TASK DETAILS:
Take every line in the entries that includes the word "posrE" and copy it.
[Start of Attachment]
Lemma expn_le_of_rate_le (T : realType) (q k n : nat) : (1 < q)%N ->
  (k.+1)%:R <= n%:R * rate_bound T q ->
  (q ^ (2 * k.+1) * (q * q - q + 1) ^ n <= q ^ (2 * n))%N.
Proof.
move=> q_gt1 rate_le.
set Q : T := q%:R; set c : T := Q ^+ 2 - Q + 1.
have Q_gt1 : 1 < Q by rewrite ltr1n.
have Q_gt0 : 0 < Q := lt_trans ltr01 Q_gt1.
have cE : c = (q * q - q + 1)%:R.
  by rewrite natrD natrB ?natrM ?expr2 // leq_pmulr // ltnW.
have c_gt0 : 0 < c by rewrite cE ltr0n addn1.
have L_gt0 : 0 < ln Q by rewrite ln_gt0.
have rate_boundE : rate_bound T q = (2 * ln Q - ln c) / (2 * ln Q).
  rewrite /rate_bound /logb -/Q -/c ln_div ?posrE ?exprn_gt0 // lnXn //.
  by field; rewrite gt_eqF.
rewrite rate_boundE mulrA ler_pdivlMr ?mulr_gt0 // in rate_le.
rewrite -(ler_nat T) !natrM !natrX -cE -/Q.
have Qc_gt0 : 0 < Q ^+ (2 * k.+1) * c ^+ n by rewrite mulr_gt0 // exprn_gt0.
rewrite -ler_ln ?posrE // ?exprn_gt0 // lnM ?posrE ?exprn_gt0 // !lnXn //.
set L := ln Q in rate_le *; set Lc := ln c in rate_le *.
rewrite -[L *+ (2 * k.+1)]mulr_natl -[Lc *+ n]mulr_natl -[L *+ (2 * n)]mulr_natl !natrM.
nra.
Qed.

Lemma exists_minimal_code (T : realType) (F : finFieldType) (k n : nat) :
  (k.+1)%:R <= n%:R * rate_bound T #|F| ->
  exists C : {vspace 'rV[F]_n}, minimal_code C /\ \dim C = k.
Proof.
move=> rate_le.
have q_gt1 := card_finNzRing_gt1 F.
have [|G G_good] := @exists_nondegenerate_generator F k n.
  apply: expn_sum_lt_of_le => //; first by rewrite addn1.
  exact: expn_le_of_rate_le rate_le.
by exists (generated_code G); apply: generated_code_minimal.
Qed.

Lemma truncn_pred_bounds (R : archiRealFieldType) (x : R) : 0 <= x ->
  (Num.truncn x).-1%:R <= x /\ x - 2 <= (Num.truncn x).-1%:R.
Proof.
move=> x_ge0; have /andP[] := truncn_itv x_ge0.
case: (Num.truncn x) => [|t] /=; rewrite -?natr1 => t_le x_lt.
  by split=> //; lra.
by split; lra.
Qed.

Local Open Scope classical_set_scope.

Lemma cvg_ratio_of_bounded_error (T : realType) (R c : T) (k : nat -> nat) :
  (forall i, `|(i.+1)%:R * R - (k i)%:R| <= c) ->
  (fun i => (k i)%:R / (i.+1)%:R) @ \oo --> R.
Proof.
move=> err_le; apply/cvgrPdist_le => e e_gt0.
apply: filterS (nbhs_infty_gtr (c / e)) => i /= ce_lt.
have n_gt0 : 0 < (i.+1)%:R :> T by rewrite ltr0n.
have -> : R - (k i)%:R / (i.+1)%:R = ((i.+1)%:R * R - (k i)%:R) / (i.+1)%:R.
  by field; rewrite gt_eqF.
rewrite normrM normfV (gtr0_norm n_gt0) ler_pdivrMr // (le_trans (err_le i)) //.
rewrite ltr_pdivrMr // in ce_lt.
by rewrite mulrC (le_trans (ltW ce_lt)) // ler_wpM2r ?ler_nat // ltW.
Qed.

Theorem mainTheorem2 (T : realType) (F : finFieldType) (R : T) :
  0 <= R -> R <= rate_bound T #|F| ->
  exists (n : nat -> nat) (C : forall i : nat, {vspace 'rV[F]_(n i)}),
    {homo n : i j / (i < j)%N} /\
    (forall i, minimal_code (C i)) /\
    (forall i, rate T (C i) <= rate_bound T #|F|) /\
    ((fun i => rate T (C i)) @ \oo --> R).
Proof.
move=> R_ge0 R_le.
pose t i := Num.truncn ((i.+1)%:R * R).
have t_pred_bounds i : (t i).-1%:R <= (i.+1)%:R * R /\ (i.+1)%:R * R - 2 <= (t i).-1%:R.
  exact/truncn_pred_bounds/mulr_ge0.
have codes i : exists C : {vspace 'rV[F]_i.+1}, minimal_code C /\ \dim C = (t i).-1.
  have [t0|t_gt0] := posnP (t i).
    by exists 0%VS; rewrite t0 dimv0; split=> //; apply: minimal_code0.
  apply: exists_minimal_code; rewrite prednK //.
  have /andP[t_le _] := truncn_itv (mulr_ge0 (ler0n T i.+1) R_ge0).
  exact: le_trans t_le (ler_wpM2l (ler0n _ _) R_le).
pose C i := sval (cid (codes i)).
have [C_min C_dim] : (forall i, minimal_code (C i)) /\ forall i, \dim (C i) = (t i).-1.
  by split=> i; have [] := svalP (cid (codes i)).
exists (fun i => i.+1), C; split=> //; split=> //; split.
  move=> i; rewrite /rate C_dim ler_pdivrMr ?ltr0n // mulrC.
  exact: le_trans (t_pred_bounds i).1 (ler_wpM2l (ler0n _ _) R_le).
under eq_fun do rewrite /rate C_dim.
apply: (@cvg_ratio_of_bounded_error _ _ 2) => i.
by have [] := t_pred_bounds i; rewrite ler_norml; lra.
Qed.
[End of Attachment]
SOLVED PROBLEM:
  rewrite /rate_bound /logb -/Q -/c ln_div ?posrE ?exprn_gt0 // lnXn //.
rewrite -ler_ln ?posrE // ?exprn_gt0 // lnM ?posrE ?exprn_gt0 // !lnXn //.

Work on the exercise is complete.